Адо предпринял исключительные по затратам труда[1140] и напряжению мысли усилия, чтобы вписать крестьянскую активность революционной эпохи в рамки классической концепции Французской революции как перехода от феодализма к капитализму, но в результате его усилий эти рамки зашатались еще сильнее.
«Классическая концепция» в ее исходном либеральном варианте породила тенденцию к принижению крестьянской активности и выведению ее за рамки революции. Возник своего рода эпистемологический парадокс. Либеральные историки, защищая в прямом и переносном смысле «чистоту» буржуазной революции, отвернулись от крестьянского участия в ней. Объясняя этот парадокс и ссылаясь на уничижительный отзыв Олара о «жакериях», Адо отмечал неприемлемость «факта гигантского размаха народного насилия в годы революции» для «либерального сознания»[1141]. И вопрос о крестьянском участии подняли те французские историки, что стояли на антиреволюционных позициях.
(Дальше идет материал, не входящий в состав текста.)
Lemma I_bigcup (P : R -> Prop) (F : R -> R -> Prop) :
  countable P -> (forall r, P r -> I (F r)) -> I (fun z => exists r, P r /\ F r z).
Proof.
  intros [f Hf] HF.
  apply (I_subset _ (fun z => exists k, exists r, P r /\ f r = k /\ F r z)).
  { intros z [r [Pr Fr]]. exists (f r), r. auto. }
  apply I_bigcup_nat. intros k.
  destruct (classic (exists r, P r /\ f r = k)) as [[r [Pr <-]] | Hk].
  - apply (I_subset _ (F r)); [|auto].
    intros z [r' [Pr' [E Fr']]]. now rewrite (Hf _ _ Pr' Pr E) in Fr'.
  - apply I_empty. intros z [r [Pr [E _]]]. eauto.
Qed.

Lemma I_singleton (a : R) : I (fun x => x = a).
Proof.
  set (S := fun x => ~ x <> a).
  assert (HS : borel S) by apply borel_compl, borel_open, open_neq.
  apply (I_subset _ S); [now intros x -> |].
  apply NNPP; intros HnS.
  destruct HI as (_ & _ & _ & _ & _ & Hdiff).
  destruct (Hdiff S S HS HS HnS HnS) as [b0 [b1 [Hb Hint]]].
  (* the difference set S - S is just {0} *)
  destruct (Hint ((2 * b0 + b1) / 3)) as [u [v [Hu [Hv E1]]]]; [lra|].
  destruct (Hint ((b0 + 2 * b1) / 3)) as [u' [v' [Hu' [Hv' E2]]]]; [lra|].
  apply NNPP in Hu, Hv, Hu', Hv'. subst. lra.
Qed.

Lemma I_countable (A : R -> Prop) : countable A -> I A.
Proof.
  intros HA. apply (I_subset _ (fun z => exists r, A r /\ z = r)).
  - intros z Hz. eauto.
  - apply I_bigcup; [exact HA | intros r _; apply I_singleton].
Qed.

Lemma R_uncountable : ~ countable (fun _ => True).
Proof. destruct HI as (_ & HR & _). intros H. apply HR. now apply I_countable. Qed.

Lemma I_affine_preimage (a d : R) (B : R -> Prop) :
  a <> 0 -> I B -> I (fun y => B (a * y + d)).
Proof.
  destruct HI as (_ & _ & Htransl & Hdil & _).
  intros Ha HB. apply (I_subset _ (dilate (/ a) (translate (- d) B))).
  - intros y Hy. exists (a * y). split.
    + exists (a * y + d). split; [exact Hy | ring].
    + field; exact Ha.
  - apply Hdil, Htransl, HB.
Qed.

End Ideal.

Definition Code := nat -> bool.

Definition child (t : Code) (k : nat) : Code := fun i => t (S (S (to_nat (k, i)))).

(* [i] encodes a triple [((a, b), m)]; the set is the interval of radius [1/m]
   around [(a - b)/m] (all of [R] or empty when [m = 0]). *)
Definition basic (i : nat) (x : R) : Prop :=
  let (p, m) := of_nat i in let (a, b) := of_nat p in
  Rabs (INR m * x - (INR a - INR b)) < 1.

Inductive codes : Code -> (R -> Prop) -> Prop :=
  | codes_open t : t O = false ->
      codes t (fun x => exists i, t (S i) = true /\ basic i x)
  | codes_compl t A : t O = true -> t 1%nat = false -> codes (child t O) A ->
      codes t (fun x => ~ A x)
  | codes_union t (F : nat -> R -> Prop) : t O = true -> t 1%nat = true ->
      (forall k, codes (child t k) (F k)) -> codes t (fun x => exists k, F k x).

Lemma codes_functional (t : Code) (A B : R -> Prop) : codes t A -> codes t B -> A = B.
Proof.
  intros HA; revert B.
  induction HA as [t H0 | t A H0 H1 HA IH | t F H0 H1 HF IH];
    intros B HB; inversion HB; subst; try congruence.
  - match goal with H : codes (child t O) _ |- _ => now rewrite (IH _ H) end.
  - replace F with F0; [reflexivity|].
    apply functional_extensionality; intros k. symmetry. now apply IH.
Qed.

Lemma IZR_as_INR_diff (z : Z) : exists a b, IZR z = INR a - INR b.
Proof.
  exists (Z.to_nat z), (Z.to_nat (- z)).
  rewrite !INR_IZR_INZ -minus_IZR. f_equal. lia.
Qed.

Lemma basic_approx (x delta : R) :
  0 < delta -> exists i, basic i x /\ forall y, basic i y -> Rabs (y - x) < delta.
Proof.
  intros Hd.
  destruct (archimed_cor1 (delta / 2)) as [m [Hm Hm0]]; [lra|].
  assert (HM : 0 < INR m) by now apply lt_0_INR.
  set (z := (up (INR m * x) - 1)%Z).
  destruct (IZR_as_INR_diff z) as [a [b Hab]].
  assert (Hx : Rabs (INR m * x - IZR z) < 1).
  { destruct (archimed (INR m * x)) as [H1 H2]. unfold z; rewrite minus_IZR.
    apply Rabs_def1; lra. }
  exists (to_nat (to_nat (a, b), m)).
  unfold basic; rewrite cancel_of_to; cbv iota beta; rewrite cancel_of_to; cbv iota beta.
  rewrite <- Hab. split; [exact Hx|].
  intros y Hy.
  assert (Hyx : Rabs (INR m * (y - x)) < 2).
  { replace (INR m * (y - x)) with ((INR m * y - IZR z) - (INR m * x - IZR z)) by ring.
    eapply Rle_lt_trans; [apply Rabs_triang|]. rewrite Rabs_Ropp. lra. }
  rewrite Rabs_mult (Rabs_right (INR m)) in Hyx; [|lra].
  assert (E : INR m * / INR m = 1) by (field; lra).
  nra.
Qed.

Lemma open_coded (A : R -> Prop) : open_set A -> exists t, codes t A.
Proof.
  intros HA.
  set (t := fun p => match p with
                     | O => false
                     | S i => if excluded_middle_informative (subset (basic i) A)
                              then true else false
                     end).
  exists t.
  enough (E : A = fun x => exists i, t (S i) = true /\ basic i x)
    by (rewrite E; now apply codes_open).
  apply functional_extensionality; intros x; apply propositional_extensionality; split.
  - intros Hx. destruct (HA x Hx) as [[d Hd] Hdisc]; simpl in Hdisc.
    destruct (basic_approx x d Hd) as [i [Hi Hiy]]. exists i. split; [|exact Hi].
    unfold t. destruct excluded_middle_informative as [|Hno]; [reflexivity|].
    exfalso; apply Hno. intros y Hy. apply Hdisc. now apply Hiy.
  - intros [i [Hi Hx]]. unfold t in Hi.
    destruct excluded_middle_informative as [Hsub|]; [now apply Hsub | discriminate].
Qed.

Lemma borel_coded (A : R -> Prop) : borel A -> exists t, codes t A.
Proof.
  induction 1 as [A HA | A HA [t Ht] | F HF IH].
  - now apply open_coded.
  - exists (fun p => match p with
                     | O => true
                     | 1%nat => false
                     | S (S q) => t (snd (of_nat q))
                     end).
    apply codes_compl; try reflexivity.
    replace (child _ O) with t; [exact Ht|].
    apply functional_extensionality; intros i. unfold child. now rewrite cancel_of_to.
  - destruct (choice (fun k t => codes t (F k)) IH) as [g Hg].
    exists (fun p => match p with
                     | O | 1%nat => true
                     | S (S q) => g (fst (of_nat q)) (snd (of_nat q))
                     end).
    apply codes_union; try reflexivity. intros k.
    replace (child _ k) with (g k); [apply Hg|].
    apply functional_extensionality; intros i. unfold child. now rewrite cancel_of_to.
Qed.

Fixpoint cantor_psum (b : nat -> bool) (N : nat) : R :=
  match N with
  | O => 0
  | S N' => cantor_psum b N' + (if b N' then 2 / 3 ^ S N' else 0)
  end.

Lemma cantor_psum_tail (b : nat -> bool) (N M : nat) : (N <= M)%nat ->
  cantor_psum b N <= cantor_psum b M <= cantor_psum b N + / 3 ^ N - / 3 ^ M.
Proof.
  induction 1 as [|M HNM IH]; [lra|].
  assert (H3 : 0 < 3 ^ M) by (apply pow_lt; lra).
  assert (E : 2 / 3 ^ S M = / 3 ^ M - / 3 ^ S M) by (simpl; field; lra).
  assert (0 < 2 / 3 ^ S M) by (simpl; apply Rdiv_lt_0_compat; lra).
  change (cantor_psum b (S M)) with
    (cantor_psum b M + (if b M then 2 / 3 ^ S M else 0)).
  destruct (b M); lra.
Qed.

Lemma cantor_psum_agree (b b' : nat -> bool) (N : nat) :
  (forall m, (m < N)%nat -> b m = b' m) -> cantor_psum b N = cantor_psum b' N.
Proof.
  induction N as [|N IH]; intros Hbb'; [reflexivity|]. simpl.
  rewrite IH; [|intros m Hm; apply Hbb'; lia]. rewrite (Hbb' N); [reflexivity | lia].
Qed.

Lemma cantor_psum_bound (b : nat -> bool) (N M : nat) :
  cantor_psum b M <= cantor_psum b N + / 3 ^ N.
Proof.
  assert (Hpos : forall K, 0 < / 3 ^ K) by (intros K; apply Rinv_0_lt_compat, pow_lt; lra).
  destruct (Nat.le_ge_cases N M) as [H | H];
    pose proof (cantor_psum_tail b _ _ H); pose proof (Hpos N); pose proof (Hpos M); lra.
Qed.

(* The real with ternary digits [2 b_0, 2 b_1, ...]: the supremum of the partial sums. *)
Definition cantor_point (b : nat -> bool) : R.
Proof.
  refine (proj1_sig (completeness (fun r => exists N, r = cantor_psum b N) _ _)).
  - exists (cantor_psum b O + / 3 ^ O). intros r [N ->]. apply cantor_psum_bound.
  - exists 0, O. reflexivity.
Defined.

Lemma cantor_point_bounds (b : nat -> bool) (N : nat) :
  cantor_psum b N <= cantor_point b <= cantor_psum b N + / 3 ^ N.
Proof.
  unfold cantor_point. destruct completeness as [c [Hub Hlub]]; simpl. split.
  - apply Hub. now exists N.
  - apply Hlub. intros r [M ->]. apply cantor_psum_bound.
Qed.

Lemma cantor_point_digit (b b' : nat -> bool) (k : nat) :
  cantor_psum b k = cantor_psum b' k -> cantor_point b = cantor_point b' -> b k = b' k.
Proof.
  intros Hk E.
  assert (Hw : 0 < / 3 ^ S k) by (apply Rinv_0_lt_compat, pow_lt; lra).
  assert (E2 : 2 / 3 ^ S k = 2 * / 3 ^ S k) by reflexivity.
  pose proof (cantor_point_bounds b (S k)) as Hb.
  pose proof (cantor_point_bounds b' (S k)) as Hb'.
  change (cantor_psum ?c (S k)) with
    (cantor_psum c k + (if c k then 2 / 3 ^ S k else 0)) in Hb, Hb'.
  rewrite Hk E2 in Hb. rewrite E2 in Hb'.
  destruct (b k), (b' k); lra.
Qed.

Lemma cantor_point_inj (b b' : nat -> bool) : cantor_point b = cantor_point b' -> b = b'.
Proof.
  intros E.
  assert (Hagree : forall k m, (m < k)%nat -> b m = b' m).
  { induction k as [|k IH]; intros m Hm; [lia|].
    destruct (Nat.lt_ge_cases m k) as [Hmk | Hmk]; [now apply IH|].
    replace m with k by lia. apply cantor_point_digit; [|exact E].
    now apply cantor_psum_agree. }
  apply functional_extensionality; intros k. apply (Hagree (S k)). lia.
Qed.

Lemma R_least_order : exists le : R -> R -> Prop,
  (forall P : R -> Prop, (exists x, P x) -> exists z, P z /\ forall y, P y -> le z y) /\
  (forall x y, le x y -> le y x -> x = y).
Proof.
  have [le le_wo] := well_ordering_principle {classic R}.
  have least (P : R -> Prop) : (exists x, P x) ->
      exists! z, P z /\ forall y, P y -> le z y.
    move=> [x Px]; have [|z [[Pz Hz] Hu]] := le_wo (fun w => `[< P w >]).
      by exists x; apply/asboolP.
    exists z; split; first by split; [apply/asboolP | move=> y Py; apply: Hz; apply/asboolP].
    move=> z' [Pz' Hz']; apply: Hu; split; first by apply/asboolP.
    by move=> y /asboolP; apply: Hz'.
  exists (fun x y => le x y); split.
    by move=> P /least [z [Hz _]]; exists z.
  move=> x y Hxy Hyx.
  have refl (w : R) : le w w.
    have [z [[-> Hz] _]] := least (fun v => v = w) (ex_intro _ w (Logic.eq_refl w)).
    exact: Hz.
  have [z [_ Hu]] := least (fun v => v = x \/ v = y) (ex_intro _ x (or_introl (Logic.eq_refl x))).
  have Ex : z = x by apply: Hu; split; [left | move=> w [->|->]].
  have Ey : z = y by apply: Hu; split; [right | move=> w [->|->]].
  by rewrite -Ex -Ey.
Qed.

Lemma wf_minimal (prec : R -> R -> Prop) (P : R -> Prop) :
  well_founded prec -> (exists x, P x) -> exists x, P x /\ forall y, prec y x -> ~ P y.
Proof.
  intros Hwf [x Px]. apply NNPP; intros Hno. revert Px.
  induction x as [x IH] using (well_founded_induction Hwf).
  intros Px. apply Hno. exists x. split; [exact Px|]. intros y Hy Py. exact (IH y Hy Py).
Qed.

Lemma R_well_order : exists prec : R -> R -> Prop, well_founded prec /\
  (forall x y, prec x y \/ x = y \/ prec y x) /\
  (forall x y z, prec x y -> prec y z -> prec x z).
Proof.
  destruct R_least_order as [le [Hleast Hanti]].
  assert (Htot : forall x y, le x y \/ le y x).
  { intros x y. destruct (Hleast (fun z => z = x \/ z = y)) as [z [[-> | ->] Hz]]; eauto. }
  assert (Hrefl : forall x, le x x) by (intros x; destruct (Htot x x); assumption).
  exists (fun x y => le x y /\ x <> y). split; [|split].
  - intros x. apply NNPP; intros Hx.
    destruct (Hleast (fun y => ~ Acc (fun x y => le x y /\ x <> y) y)) as [z [Hz Hmin]]; [eauto|].
    apply Hz. constructor. intros y [Hyz Hne]. apply NNPP; intros Hy.
    apply Hne, Hanti; auto.
  - intros x y. destruct (Req_dec x y) as [E | E]; [auto|].
    destruct (Htot x y); [left | right; right]; split; auto.
  - intros x y z [Hxy Nxy] [Hyz Nyz].
    destruct (Hleast (fun w => w = x \/ w = y \/ w = z)) as [m [Hm Hmin]]; [eauto|].
    assert (Hmx : le m x) by auto. assert (Hmy : le m y) by auto.
    destruct Hm as [-> | [-> | ->]].
    + split; [auto | intros ->; apply Nxy, Hanti; auto].
    + exfalso; apply Nxy, Hanti; auto.
    + exfalso; apply Nyz, Hanti; auto.
Qed.
(* Assume $k\ge 2$. Let $A:V\to V$ be an isomorphism of the model $\mathcal V$, i.e. a linear bijection with $(Ax,Ay)=(x,y)$ and $R(Ax,Ay,Az,Aw)=R(x,y,z,w)$ for all $x,y,z,w\in V$. Then there exist a permutation $\sigma$ of $\{1,\dots,k\}$ and real constants $a_0$ and $b_1,\dots,b_k$ with $|a_0|\,b_i^2=1$ for all $i$, such that for $1\le i\le k$: $AU_0=a_0U_0+\Xi_0$ with $\Xi_0\in A_V$; $AU_i=b_iU_{\sigma(i)}+\Xi_i$ with $\Xi_i\in A_{S,V}$; and $AS_i=\operatorname{sign}(a_0)S_{\sigma(i)}+\bar\Xi_i$ with $\bar\Xi_i\in A_V$.
   Context: Fix integers $k\ge1$ and signs $\varepsilon_1,\dots,\varepsilon_k\in\{\pm1\}$. Let $V=\mathbb R^{3k+2}$ with basis $\{U_0,\dots,U_k,V_0,\dots,V_k,S_1,\dots,S_k\}$, let $(\cdot,\cdot)$ be the symmetric inner product whose only nonzero values on pairs of basis vectors are $(U_i,V_i)=(V_i,U_i)=1$ for $0\le i\le k$ and $(S_i,S_i)=\varepsilon_i$ for $1\le i\le k$, and let $R$ be the algebraic curvature tensor on $V$ (a 4-linear form with $R(x,y,z,w)=-R(y,x,z,w)=R(z,w,x,y)$ and $R(x,y,z,w)+R(y,z,x,w)+R(z,x,y,w)=0$) whose only nonzero values on 4-tuples of basis vectors are those obtained from $R(U_0,U_i,U_i,S_i)=1$ ($1\le i\le k$) by these symmetries. Set $\mathcal V=(V,(\cdot,\cdot),R)$. Define $A_V=\{\xi\in V: R(\xi,y,z,w)=0\ \forall y,z,w\}=\ker R$ (which equals $\mathrm{Span}\{V_0,\dots,V_k\}$) and $A_{S,V}=A_V^{\perp}$ (which equals $\mathrm{Span}\{S_1,\dots,S_k,V_0,\dots,V_k\}$). *)

From HB Require Import structures.
From mathcomp Require Import all_boot all_order all_fingroup all_algebra.
Set Implicit Arguments. Unset Strict Implicit. Unset Printing Implicit Defensive.
Import Order.TTheory GRing.Theory Num.Theory.
Local Open Scope ring_scope.
(* Let $\alpha\in(0,1)$ be irrational and let $w\in W_\alpha$. Then there exist $t\in\mathbb{N}$, a (possibly empty) suffix $x$ of $s_t$ or of $s_{t-1}$, and a (possibly empty) prefix $y$ of $s_{t+1}$ such that $w=xy$.
   Context: Let $\alpha=[a_1,a_2,\dots]$ be the continued fraction expansion of $\alpha$. Define words over $\{0,1\}$ by $s_{-1}=1$, $s_0=0$, $s_1=s_0^{a_1-1}s_{-1}$, $s_n=s_{n-1}^{a_n}s_{n-2}$ for $n\ge2$. For $\theta\in[0,1)$, $v_{\alpha,\theta}$ is the two-sided infinite word with letters $v_{\alpha,\theta}(n)=\chi_{[1-\alpha,1)}(n\alpha+\theta\bmod1)$, $n\in\mathbb{Z}$; $W_\alpha$ is the set of all finite non-empty subwords of the words $v_{\alpha,\theta}$, $\theta\in[0,1)$. $\mathbb{N}=\{1,2,\dots\}$. *)

From Stdlib Require Import Reals ZArith List.
Open Scope R_scope.

Definition irrational (x : R) : Prop :=
  ~ exists p q : Z, q <> 0%Z /\ x = IZR p / IZR q.

Fixpoint cf_rem (alpha : R) (n : nat) : R :=
  match n with
  | O => alpha
  | S k => frac_part (/ cf_rem alpha k)
  end.

(* partial quotients: cf_a alpha k = a_k for k >= 1 (alpha = [0; a_1, a_2, ...]) *)
Definition cf_a (alpha : R) (k : nat) : nat :=
  match k with
  | O => 0%nat
  | S j => Z.to_nat (Int_part (/ cf_rem alpha j))
  end.

Definition wpow (u : list nat) (n : nat) : list nat := concat (repeat u n).

(* sw_pair alpha n = (s_n, s_{n+1}), with s_{-1} = 1, s_0 = 0,
   s_1 = s_0^{a_1 - 1} s_{-1}, s_n = s_{n-1}^{a_n} s_{n-2} (n >= 2) *)
Fixpoint sw_pair (alpha : R) (n : nat) : list nat * list nat :=
  match n with
  | O => (0%nat :: nil, wpow (0%nat :: nil) (cf_a alpha 1 - 1) ++ 1%nat :: nil)
  | S k => let p := sw_pair alpha k in
           (snd p, wpow (snd p) (cf_a alpha (S (S k))) ++ fst p)
  end.

Definition s (alpha : R) (n : nat) : list nat := fst (sw_pair alpha n).

Definition v (alpha theta : R) (n : Z) : nat :=
  let f := frac_part (IZR n * alpha + theta) in
  if Rle_dec (1 - alpha) f then (if Rlt_dec f 1 then 1%nat else 0%nat) else 0%nat.

Definition inW (alpha : R) (w : list nat) : Prop :=
  w <> nil /\
  exists theta : R, 0 <= theta < 1 /\
  exists m : Z, w = map (fun i : nat => v alpha theta (m + Z.of_nat i)%Z) (seq 0 (length w)).

Definition is_suffix (x u : list nat) : Prop := exists z, u = z ++ x.
Definition is_prefix (y u : list nat) : Prop := exists z, u = y ++ z.

From Stdlib Require Import Reals ZArith List Lia Lra.
Open Scope R_scope.
Import ListNotations.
Адо откровенно, и даже для 70-х годов смело, подчеркивал вклад Ипполита Тэна и в самую постановку вопроса, и в раскрытие динамики крестьянского действия («семь жакерий»[1142]). Вспоминается, как шокировало признание Адо при обсуждении его доклада в Институте истории АН. Председательствовавший Манфред, напомнив об «одиозности» Тэна, предложил докладчику поискать более подходящего предшественника. Но Анатолий Васильевич после характерного жеста «что поделаешь» подтвердил, что первый обзорный очерк крестьянских восстаний в ходе революции принадлежит именно Тэну[1143].
Аналогичное уточнение Адо внес в отечественную историографию. Высоко оценивая вклад «école russe» в изучение аграрного вопроса, он подчеркивал, что не эти либеральные ученые, а стоявший на антибуржуазных позициях Петр Кропоткин первым в мировой историографии выступил с «крестьянским прочтением» Французской революции[1144]. В свою очередь, именно русский ученый-революционер подтолкнул выдающегося французского историка Жоржа Лефевра к созданию концепции особой, «автономной» от буржуазной «крестьянской революции». Резюмируя историографический парадокс, можно сказать, что отдаленными предшественниками Адо в создании синтеза крестьянских действий в революции оказались ученые, противостоявшие «классической концепции» революции или в какой-то части маргинальные для нее.
Так, даже при признании «революции крестьян» в советской историографии оставался непреодоленным груз классической традиции, находившей в деревенских выступлениях эхо борьбы в Париже. После картины, воссозданной Адо, с «эхом» было покончено. Напротив, открылась возможность более полно представить характер революции вообще и якобинский период в частности, по-новому осветить дискуссионные вопросы.
Впервые с такой основательностью были вскрыты аграрные истоки якобинизма. «Война против замков» могла прекратиться, поскольку войну замкам (вплоть до их уничтожения) объявил якобинский Конвент. Радикальные требования об отмене феодальных повинностей без выкупа нашли разрешение в декрете 17 июля 1793 г. Установки продовольственных выступлений воплотились в законах о максимуме. Не только социальное содержание якобинской политики, но и формы якобинской диктатуры (включая террор) явились, как показал Адо, реализацией и отражением крестьянского натиска.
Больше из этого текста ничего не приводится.